EXERCISE DESCRIPTION
Could you write out the lines below exactly, beginning with the first and finishing with the one that contains "Definition dot (m"?

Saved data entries
########

(* Let $J,J^r:\mathbb{R}^n\to\mathbb{R}^k$ be continuously differentiable and let $\epsilon\in[0,\infty)^k$ satisfy $\sup_{u\in\mathbb{R}^n}\|\nabla J_i(u)-\nabla J_i^r(u)\|_2\le\epsilon_i$ for all $i\in\{1,\dots,k\}$. Let $P_c$ and $P_c^r$ denote the Pareto critical sets of $J$ and $J^r$, respectively, and define $$P_1^r:=\Big\{u\in\mathbb{R}^n:\min_{\alpha\in\Delta_k}\|DJ^r(u)^\top\alpha\|_2^2\le\|\epsilon\|_\infty^2\Big\},\qquad P_2^r:=\Big\{u\in\mathbb{R}^n:\min_{\alpha\in\Delta_k}\big(\|DJ^r(u)^\top\alpha\|_2^2-(\alpha^\top\epsilon)^2\big)\le 0\Big\}.$$ Then $P_c\subseteq P_2^r\subseteq P_1^r$ and $P_c^r\subseteq P_2^r\subseteq P_1^r$.
   Context: $\Delta_k:=\{\alpha\in[0,\infty)^k:\sum_{i=1}^k\alpha_i=1\}$. For differentiable $J:\mathbb{R}^n\to\mathbb{R}^k$, $DJ(u)\in\mathbb{R}^{k\times n}$ is the Jacobian, so $DJ(u)^\top\alpha=\sum_i\alpha_i\nabla J_i(u)$. The Pareto critical set of $J$ is the set of all $u\in\mathbb{R}^n$ for which there exists $\alpha\in\Delta_k$ with $DJ(u)^\top\alpha=0$. *)

From Stdlib Require Import Reals.
Open Scope R_scope.

(* Vectors of R^m are modelled as functions nat -> R, of which only the
   coordinates 0..m-1 are used. *)

Fixpoint rsum (m : nat) (f : nat -> R) : R :=
  match m with
  | O => 0
  | S p => rsum p f + f p
  end.

Definition dot (m : nat) (u v : nat -> R) : R := rsum m (fun j => u j * v j).

Definition norm2 (m : nat) (v : nat -> R) : R := sqrt (dot m v v).

Definition vadd (u v : nat -> R) : nat -> R := fun j => u j + v j.
Definition vsub (u v : nat -> R) : nat -> R := fun j => u j - v j.

Fixpoint linf (m : nat) (e : nat -> R) : R :=
  match m with
  | O => 0
  | S p => Rmax (linf p e) (Rabs (e p))
  end.

Definition has_gradient (n : nat) (f : (nat -> R) -> R) (u g : nat -> R) : Prop :=
  forall eps, 0 < eps -> exists delta, 0 < delta /\
    forall h, norm2 n h < delta ->
      Rabs (f (vadd u h) - f u - dot n g h) <= eps * norm2 n h.

Definition C1_with_gradient (n : nat) (f : (nat -> R) -> R)
  (G : (nat -> R) -> (nat -> R)) : Prop :=
  (forall u, has_gradient n f u (G u)) /\
  (forall u eps, 0 < eps -> exists delta, 0 < delta /\
     forall v, norm2 n (vsub v u) < delta -> norm2 n (vsub (G v) (G u)) < eps).

Definition in_simplex (k : nat) (a : nat -> R) : Prop :=
  (forall i, (i < k)%nat -> 0 <= a i) /\ rsum k a = 1.

(* DJ(u)^T a = sum_i a_i grad J_i(u), where G i u = grad J_i(u) *)
Definition jacT (k : nat) (G : nat -> (nat -> R) -> (nat -> R)) (u a : nat -> R)
  : nat -> R := fun j => rsum k (fun i => a i * G i u j).

Definition pareto_critical (n k : nat) (G : nat -> (nat -> R) -> (nat -> R))
  (u : nat -> R) : Prop :=
  exists a, in_simplex k a /\ forall j, (j < n)%nat -> jacT k G u a j = 0.

Definition P1 (n k : nat) (Gr : nat -> (nat -> R) -> (nat -> R)) (e : nat -> R)
  (u : nat -> R) : Prop :=
  exists a, in_simplex k a /\ (norm2 n (jacT k Gr u a))^2 <= (linf k e)^2.

Definition P2 (n k : nat) (Gr : nat -> (nat -> R) -> (nat -> R)) (e : nat -> R)
  (u : nat -> R) : Prop :=
  exists a, in_simplex k a /\ (norm2 n (jacT k Gr u a))^2 - (dot k a e)^2 <= 0.

(* The Jacobian transposes of J and J^r differ
   by DJ(u)^T a - DJ^r(u)^T a = sum_i a_i (grad J_i(u) - grad J^r_i(u)), whose
   norm is at most sum_i a_i e_i = a^T e by the triangle inequality.  Hence at
   a Pareto critical point of J, ||DJ^r(u)^T a|| <= a^T e, i.e. u is in P_2^r;
   at a Pareto critical point of J^r the norm is 0, which is even better.
   Finally 0 <= a^T e <= ||e||_inf because a is a convex combination, which
   gives P_2^r in P_1^r. *)

From Stdlib Require Import Reals Lra Lia Psatz.
Open Scope R_scope.

Lemma rsum_ext m f g :
  (forall j, (j < m)%nat -> f j = g j) -> rsum m f = rsum m g.
Proof.
  induction m as [|m IH]; intros H; simpl; [reflexivity|].
  rewrite IH, H; [reflexivity | lia | intros; apply H; lia].
Qed.

Lemma rsum_le m f g :
  (forall j, (j < m)%nat -> f j <= g j) -> rsum m f <= rsum m g.
Proof.
  induction m as [|m IH]; intros H; simpl; [lra|].
  apply Rplus_le_compat; [apply IH; intros; apply H|apply H]; lia.
Qed.

Lemma rsum_plus m f g : rsum m (fun j => f j + g j) = rsum m f + rsum m g.
Proof. induction m as [|m IH]; simpl; [lra|]. rewrite IH. ring. Qed.

Lemma rsum_minus m f g : rsum m (fun j => f j - g j) = rsum m f - rsum m g.
Proof. induction m as [|m IH]; simpl; [ring|]. rewrite IH. ring. Qed.

Lemma rsum_opp m f : rsum m (fun j => - f j) = - rsum m f.
Proof. induction m as [|m IH]; simpl; [ring|]. rewrite IH. ring. Qed.

Lemma rsum_scal_l m c f : rsum m (fun j => c * f j) = c * rsum m f.
Proof. induction m as [|m IH]; simpl; [ring|]. rewrite IH. ring. Qed.

Lemma rsum_0 m : rsum m (fun _ => 0) = 0.
Proof. induction m as [|m IH]; simpl; [|rewrite IH]; ring. Qed.

Lemma rsum_nonneg m f : (forall j, (j < m)%nat -> 0 <= f j) -> 0 <= rsum m f.
Proof. intros H. rewrite <- (rsum_0 m). apply rsum_le, H. Qed.

Lemma dot_self_nonneg n x : 0 <= dot n x x.
Proof. apply rsum_nonneg. intros. apply Rle_0_sqr. Qed.

Lemma Cauchy_Schwarz_step S A B a b :
  0 <= A -> 0 <= B -> S * S <= A * B ->
  (S + a * b) * (S + a * b) <= (A + a * a) * (B + b * b).
Proof.
  intros HA HB HS.
  (* (A b^2 + B a^2)^2 - (2 S a b)^2 = (A b^2 - B a^2)^2 + 4 (A B - S^2) a^2 b^2 *)
  assert (Hsq : (2 * S * (a * b)) * (2 * S * (a * b))
                <= (A * (b * b) + B * (a * a)) * (A * (b * b) + B * (a * a))).
  { assert (0 <= (A * (b * b) - B * (a * a)) * (A * (b * b) - B * (a * a)))
      by apply Rle_0_sqr.
    assert (S * S * ((a * b) * (a * b)) <= A * B * ((a * b) * (a * b)))
      by (apply Rmult_le_compat_r; [apply Rle_0_sqr | exact HS]).
    nra. }
  assert (Hcross : 2 * S * (a * b) <= A * (b * b) + B * (a * a)).
  { apply Rsqr_incr_0_var; [exact Hsq|].
    apply Rplus_le_le_0_compat; apply Rmult_le_pos; auto; apply Rle_0_sqr. }
  nra.
Qed.

Lemma Cauchy_Schwarz n x y : dot n x y * dot n x y <= dot n x x * dot n y y.
Proof.
  induction n as [|n IH]; unfold dot in *; simpl; [lra|].
  apply Cauchy_Schwarz_step; auto; apply dot_self_nonneg.
Qed.

Lemma norm2_pos n x : 0 <= norm2 n x.
Proof. apply sqrt_pos. Qed.

Lemma norm2_sqr n x : norm2 n x * norm2 n x = dot n x x.
Proof. apply sqrt_sqrt, dot_self_nonneg. Qed.

Lemma norm2_ext n x y :
  (forall j, (j < n)%nat -> x j = y j) -> norm2 n x = norm2 n y.
Proof.
  intros H. unfold norm2, dot. f_equal. apply rsum_ext. intros j Hj.
  rewrite H by exact Hj. reflexivity.
Qed.

Lemma norm2_0 n : norm2 n (fun _ => 0) = 0.
Proof.
  unfold norm2, dot. rewrite (rsum_ext n _ (fun _ => 0)), rsum_0.
  - apply sqrt_0.
  - intros. ring.
Qed.

Lemma norm2_scal n c x : norm2 n (fun j => c * x j) = Rabs c * norm2 n x.
Proof.
  unfold norm2, dot. rewrite <- sqrt_Rsqr_abs, <- sqrt_mult_alt by apply Rle_0_sqr.
  f_equal. rewrite <- rsum_scal_l. apply rsum_ext. intros. unfold Rsqr. ring.
Qed.

Lemma norm2_opp n x : norm2 n (fun j => - x j) = norm2 n x.
Proof. unfold norm2, dot. f_equal. apply rsum_ext. intros. ring. Qed.

Lemma dot_le_norm2_mult n x y : dot n x y <= norm2 n x * norm2 n y.
Proof.
  unfold norm2. rewrite <- sqrt_mult_alt by apply dot_self_nonneg.
  eapply Rle_trans; [apply Rle_abs|]. rewrite <- sqrt_Rsqr_abs.
  apply sqrt_le_1_alt, Cauchy_Schwarz.
Qed.

Lemma norm2_triangle n x y : norm2 n (vadd x y) <= norm2 n x + norm2 n y.
Proof.
  assert (Hexp : dot n (vadd x y) (vadd x y) = dot n x x + 2 * dot n x y + dot n y y).
  { unfold dot, vadd. rewrite <- rsum_scal_l, <- !rsum_plus.
    apply rsum_ext. intros. ring. }
  apply Rsqr_incr_0_var; [|apply Rplus_le_le_0_compat; apply norm2_pos].
  unfold Rsqr. rewrite norm2_sqr, Hexp.
  pose proof (norm2_sqr n x). pose proof (norm2_sqr n y).
  pose proof (dot_le_norm2_mult n x y). nra.
Qed.

Lemma norm2_rsum_le n k (v : nat -> nat -> R) :
  norm2 n (fun j => rsum k (fun i => v i j)) <= rsum k (fun i => norm2 n (v i)).
Proof.
  induction k as [|k IH]; simpl.
  - rewrite norm2_0. lra.
  - eapply Rle_trans; [apply (norm2_triangle n (fun j => rsum k (fun i => v i j)) (v k))|].
    lra.
Qed.

Lemma linf_ge_Rabs k e i : (i < k)%nat -> Rabs (e i) <= linf k e.
Proof.
  induction k as [|k IH]; intros Hi; [lia|]. simpl.
  destruct (Nat.eq_dec i k) as [->|Hne]; [apply Rmax_r|].
  eapply Rle_trans; [apply IH; lia|apply Rmax_l].
Qed.

Lemma dot_le_linf k a e :
  (forall i, (i < k)%nat -> 0 <= a i) -> dot k a e <= rsum k a * linf k e.
Proof.
  intros Ha. rewrite Rmult_comm, <- rsum_scal_l. apply rsum_le. intros i Hi.
  rewrite Rmult_comm. apply Rmult_le_compat_r; [apply Ha, Hi|].
  eapply Rle_trans; [apply Rle_abs|apply linf_ge_Rabs, Hi].
Qed.

Lemma dot_nonneg k a e :
  (forall i, (i < k)%nat -> 0 <= a i) -> (forall i, (i < k)%nat -> 0 <= e i) ->
  0 <= dot k a e.
Proof. intros Ha He. apply rsum_nonneg. intros. apply Rmult_le_pos; auto. Qed.

Lemma norm2_jacT_le n k G u a :
  (forall i, (i < k)%nat -> 0 <= a i) ->
  norm2 n (jacT k G u a) <= rsum k (fun i => a i * norm2 n (G i u)).
Proof.
  intros Ha. eapply Rle_trans; [apply (norm2_rsum_le n k (fun i j => a i * G i u j))|].
  apply rsum_le. intros i Hi. rewrite norm2_scal, Rabs_pos_eq by (apply Ha, Hi).
  apply Rle_refl.
Qed.

Lemma norm2_jacT_at_critical n k G Gr u a :
  (forall j, (j < n)%nat -> jacT k G u a j = 0) ->
  norm2 n (jacT k Gr u a) = norm2 n (jacT k (fun i v => vsub (G i v) (Gr i v)) u a).
Proof.
  intros Hc.
  transitivity (norm2 n (fun j => - jacT k (fun i v => vsub (G i v) (Gr i v)) u a j)).
  - apply norm2_ext. intros j Hj. rewrite <- (Rminus_0_r (jacT k Gr u a j)), <- (Hc j Hj).
    unfold jacT, vsub. rewrite <- rsum_minus, <- rsum_opp.
    apply rsum_ext. intros. ring.
  - apply norm2_opp.
Qed.

Lemma P2_of_norm2_le n k Gr e u a :
  in_simplex k a -> norm2 n (jacT k Gr u a) <= dot k a e -> P2 n k Gr e u.
Proof.
  intros Ha Hle. exists a. split; [exact Ha|].
  pose proof (norm2_pos n (jacT k Gr u a)). simpl. nra.
Qed.

Theorem mainTheorem2 (n k : nat)
  (J Jr : nat -> (nat -> R) -> R)
  (G Gr : nat -> (nat -> R) -> (nat -> R))
  (e : nat -> R)
  (hJ : forall i, (i < k)%nat -> C1_with_gradient n (J i) (G i))
  (hJr : forall i, (i < k)%nat -> C1_with_gradient n (Jr i) (Gr i))
  (he : forall i, (i < k)%nat -> 0 <= e i)
  (hsup : forall i, (i < k)%nat -> forall u, norm2 n (vsub (G i u) (Gr i u)) <= e i) :
  forall u : nat -> R,
    (pareto_critical n k G u -> P2 n k Gr e u) /\
    (P2 n k Gr e u -> P1 n k Gr e u) /\
    (pareto_critical n k Gr u -> P2 n k Gr e u).
Proof.
  intros u. split; [|split].
  - intros [a [Ha Hc]]. apply (P2_of_norm2_le n k Gr e u a Ha).
    rewrite (norm2_jacT_at_critical n k G Gr u a Hc).
    eapply Rle_trans; [apply norm2_jacT_le, Ha|].
    apply rsum_le. intros i Hi. apply Rmult_le_compat_l; [apply Ha, Hi|apply hsup, Hi].
  - intros [a [Ha Hle]]. exists a. split; [exact Ha|].
    pose proof (dot_nonneg k a e (proj1 Ha) he) as Hpos.
    pose proof (dot_le_linf k a e (proj1 Ha)) as Hlinf.
    rewrite (proj2 Ha), Rmult_1_l in Hlinf.
    simpl in *. nra.
  - intros [a [Ha Hc]]. apply (P2_of_norm2_le n k Gr e u a Ha).
    rewrite (norm2_ext n _ (fun _ => 0) Hc), norm2_0.
    apply dot_nonneg; [apply Ha|exact he].
Qed.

########

RESPONSE FOR THIS EXERCISE
(* Let $J,J^r:\mathbb{R}^n\to\mathbb{R}^k$ be continuously differentiable and let $\epsilon\in[0,\infty)^k$ satisfy $\sup_{u\in\mathbb{R}^n}\|\nabla J_i(u)-\nabla J_i^r(u)\|_2\le\epsilon_i$ for all $i\in\{1,\dots,k\}$. Let $P_c$ and $P_c^r$ denote the Pareto critical sets of $J$ and $J^r$, respectively, and define $$P_1^r:=\Big\{u\in\mathbb{R}^n:\min_{\alpha\in\Delta_k}\|DJ^r(u)^\top\alpha\|_2^2\le\|\epsilon\|_\infty^2\Big\},\qquad P_2^r:=\Big\{u\in\mathbb{R}^n:\min_{\alpha\in\Delta_k}\big(\|DJ^r(u)^\top\alpha\|_2^2-(\alpha^\top\epsilon)^2\big)\le 0\Big\}.$$ Then $P_c\subseteq P_2^r\subseteq P_1^r$ and $P_c^r\subseteq P_2^r\subseteq P_1^r$.
   Context: $\Delta_k:=\{\alpha\in[0,\infty)^k:\sum_{i=1}^k\alpha_i=1\}$. For differentiable $J:\mathbb{R}^n\to\mathbb{R}^k$, $DJ(u)\in\mathbb{R}^{k\times n}$ is the Jacobian, so $DJ(u)^\top\alpha=\sum_i\alpha_i\nabla J_i(u)$. The Pareto critical set of $J$ is the set of all $u\in\mathbb{R}^n$ for which there exists $\alpha\in\Delta_k$ with $DJ(u)^\top\alpha=0$. *)

From Stdlib Require Import Reals.
Open Scope R_scope.

(* Vectors of R^m are modelled as functions nat -> R, of which only the
   coordinates 0..m-1 are used. *)

Fixpoint rsum (m : nat) (f : nat -> R) : R :=
  match m with
  | O => 0
  | S p => rsum p f + f p
  end.

Definition dot (m : nat) (u v : nat -> R) : R := rsum m (fun j => u j * v j).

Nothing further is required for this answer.